Saoirse-Monica Jackson has resigned herself to being typecast as a schoolgirl.

Saoirse-Monica Jackson has resigned herself to being typecast as a schoolgirl

Saoirse-Monica Jackson has resigned herself to being typecast as a schoolgirl

The 31-year-old actress shot to fame playing neurotic teen pupil Erin Quinn in Channel 4 hit ‘Derry Girls’, and even though it has led to her being offered similar parts she says she’s grateful for it as she couldn’t land parts playing characters in their thirties before being given her breakout role.

She told Cosmopolitan UK’s digital edition: “I couldn’t get seen for parts my own age.

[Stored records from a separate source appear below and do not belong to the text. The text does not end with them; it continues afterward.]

Theorem lemma4p5 :
  (forall T : tree, Fgt (Inc T) = T) /\
  (forall (a : int) (x y : Tbar), IncL (a *: x + y) = a *: IncL x + IncL y) /\
  IncL Tbar_one = Tinc_one /\
  (forall x y : Tbar, IncL (Tbar_mul x y) = Tinc_mul (IncL x) (IncL y)) /\
  injective IncL.
Proof.
have IncL_fgmap : IncL =1 fgmap Inc by [].
split; first exact: Fgt_Inc.
split; first by move=> a x y; rewrite /IncL raddfD raddfZ_int.
split; first by rewrite IncL_fgmap fgmapU Inc_eps.
split; first exact: (fgmap_mul Inc_tgraft).
exact/fgmap_inj/can_inj/Fgt_Inc.
Qed.
(* If $\Theta\cdot\Gamma\vdash P$ and $\Gamma'\leqslant\Gamma$, then $\Theta\cdot\Gamma'\vdash P$.
   Context: Session types: $S::=B\mid T$ ($B$ basic types such as int, bool, unit, with a given subtyping $<:$); $T::=p\&_{i\in I}m_i(S_i).T_i\mid p\oplus_{i\in I}m_i(S_i).T_i\mid\mu t.T\mid t\mid\mathbf{end}$ (external/internal choice from/to role $p$ with $I\neq\emptyset$ and distinct labels; closed, guarded recursion; the distinguished label $\mathtt{crash}$ never in internal choice); $U::=T\mid\mathbf{stop}$. Subtyping $\leqslant$ is the largest relation with: $B\leqslant B'$ if $B<:B'$; $\mathbf{end}\leqslant\mathbf{end}$; $\mathbf{stop}\leqslant\mathbf{stop}$; $p\oplus_{i\in I\cup J}m_i(S_i).T_i\leqslant p\oplus_{i\in I}m_i(S'_i).T'_i$ if $S'_i\leqslant S_i$ and $T_i\leqslant T'_i$ for $i\in I$; $p\&_{i\in I}m_i(S_i).T_i\leqslant p\&_{i\in I\cup J}m_i(S'_i).T'_i$ if $S_i\leqslant S'_i$, $T_i\leqslant T'_i$ for $i\in I$, and ($|I|=1$ implies $m_i\neq\mathtt{crash}$ or $J=\emptyset$); $\mu t.T\leqslant T'$ if $T\{\mu t.T/t\}\leqslant T'$; $T\leqslant\mu t.T'$ if $T\leqslant T'\{\mu t.T'/t\}$. Processes: $c::=x\mid s[p]$, $d::=v\mid c$; $P::=\mathbf 0\mid(\nu s{:}\Gamma')P\mid P\mid P\mid c[q]\oplus m\langle d\rangle.P\mid c[q]\&_{i\in I}m_i(x_i).P_i\mid\mathbf{def}\,X(\tilde x{:}\tilde S)=P\,\mathbf{in}\,P\mid X\langle\tilde d\rangle\mid\mathbf{err}\mid s[p]^{\dagger}$ (crashed endpoint). Typing contexts: $\Gamma$ maps variables to $S$ and endpoints $s[p]$ to $U$; $\Theta$ maps process variables to type tuples; $\Gamma'\leqslant\Gamma$ iff $\mathrm{dom}(\Gamma')=\mathrm{dom}(\Gamma)$ and $\Gamma'(c)\leqslant\Gamma(c)$ for all $c$. Typing rules: $\Theta\vdash X{:}\tilde S$ if $\Theta(X)=\tilde S$; $\emptyset\vdash v{:}B$ if $v\in B$; $c{:}S\vdash c{:}S'$ if $S\leqslant S'$; $\mathrm{end}(c_1{:}S_1..c_n{:}S_n)$ iff each $S_i$ is basic or $S_i\leqslant\mathbf{end}$. $\mathrm{end}(\Gamma)\Rightarrow\Theta\cdot\Gamma\vdash\mathbf 0$; $\mathrm{end}(\Gamma)\Rightarrow\Theta\cdot\Gamma,s[p]{:}\mathbf{stop}\vdash s[p]^{\dagger}$; $\Theta\cdot\Gamma_1\vdash P_1,\ \Theta\cdot\Gamma_2\vdash P_2\Rightarrow\Theta\cdot\Gamma_1,\Gamma_2\vdash P_1\mid P_2$; $\Gamma_1\vdash c{:}q\oplus m(S).T$, $\Gamma_2\vdash d{:}S$, $S\not\leqslant\mathbf{end}$, $\Theta\cdot\Gamma,c{:}T\vdash P\Rightarrow\Theta\cdot\Gamma,\Gamma_1,\Gamma_2\vdash c[q]\oplus m\langle d\rangle.P$; $\Gamma_1\vdash c{:}q\&_{i\in I}m_i(S_i).T_i$, $\forall i\ \Theta\cdot\Gamma,y_i{:}S_i,c{:}T_i\vdash P_i\Rightarrow\Theta\cdot\Gamma,\Gamma_1\vdash c[q]\&_{i\in I}m_i(y_i).P_i$; $\Theta,X{:}\tilde S\cdot\tilde x{:}\tilde S\vdash P$ and $\Theta,X{:}\tilde S\cdot\Gamma\vdash Q\Rightarrow\Theta\cdot\Gamma\vdash\mathbf{def}\,X(\tilde x{:}\tilde S)=P\,\mathbf{in}\,Q$; $\Theta\vdash X{:}S_1..S_n$, $\mathrm{end}(\Gamma_0)$, $\Gamma_i\vdash d_i{:}S_i$, $S_i\not\leqslant\mathbf{end}$ $\Rightarrow\Theta\cdot\Gamma_0,\Gamma_1..\Gamma_n\vdash X\langle d_1..d_n\rangle$; if $\Gamma'=\{s[p]{:}T_p\}_{p\in I}$ satisfies a given safety predicate (an $(s;R)$-safety property, for some set of roles $R$), $s$ does not occur in $\Gamma$, and $\Theta\cdot\Gamma,\Gamma'\vdash P$, then $\Theta\cdot\Gamma\vdash(\nu s{:}\Gamma')P$. *)

From Stdlib Require Import List String Arith Permutation.
Import ListNotations.
Set Implicit Arguments.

“So much is happening for me in real time, but in my work, I’m in the school playground.”

Saoirse added actress Dame Joanna Lumley, 78, gave her top advice as they filmed a travel show in Derry that reassured her about her career.

She went on: “Joanna said, ‘You have to get to a point of acceptance where to some people, you will always be a perpetual schoolgirl. And it will be okay, my darling, because it’ll give you a ticket to the world’.”

Saoirse is now starring in Netflix plague comedy-drama ‘The Decameron’, added about her fame: “I can walk into a bar in New York and people sit me down to chat. I’ve had conversations on the phone with people’s mums when they stop me in the street.

“It’s the best craic. It is a f****** privilege.”

Despite ‘Derry Girls’ being a springboard to bigger things for stars including Saoirse and Nicola Coughlan, 37, who went on to star in ‘Bridgerton’, its creator Lisa McGee has said the TV business is still filled with a “incredibly depressing” disparity between male and females employed in the industry.

The 43-year-old writer spoke out after the publication of a report which analyses the gender disparity of those working behind the scenes at broadcasters.

She told The Irish Times about the findings: “The schemes and programmes created to address this very issue seem to, at best, merely paper over the cracks or, if I were to be cynical, were not created with the intention of creating real change.

“There’s a real sense of exhaustion out there among my fellow writers.

“People are asking why men are still writing female stories when that certainly doesn’t go both ways – male writers dominate most genres.”

Lisa – who won an Emmy this year for her work on Channel 4’s ‘Derry Girls’ – added women in television would be “disappointed by the fall” their representation within the business – but not “shocked”.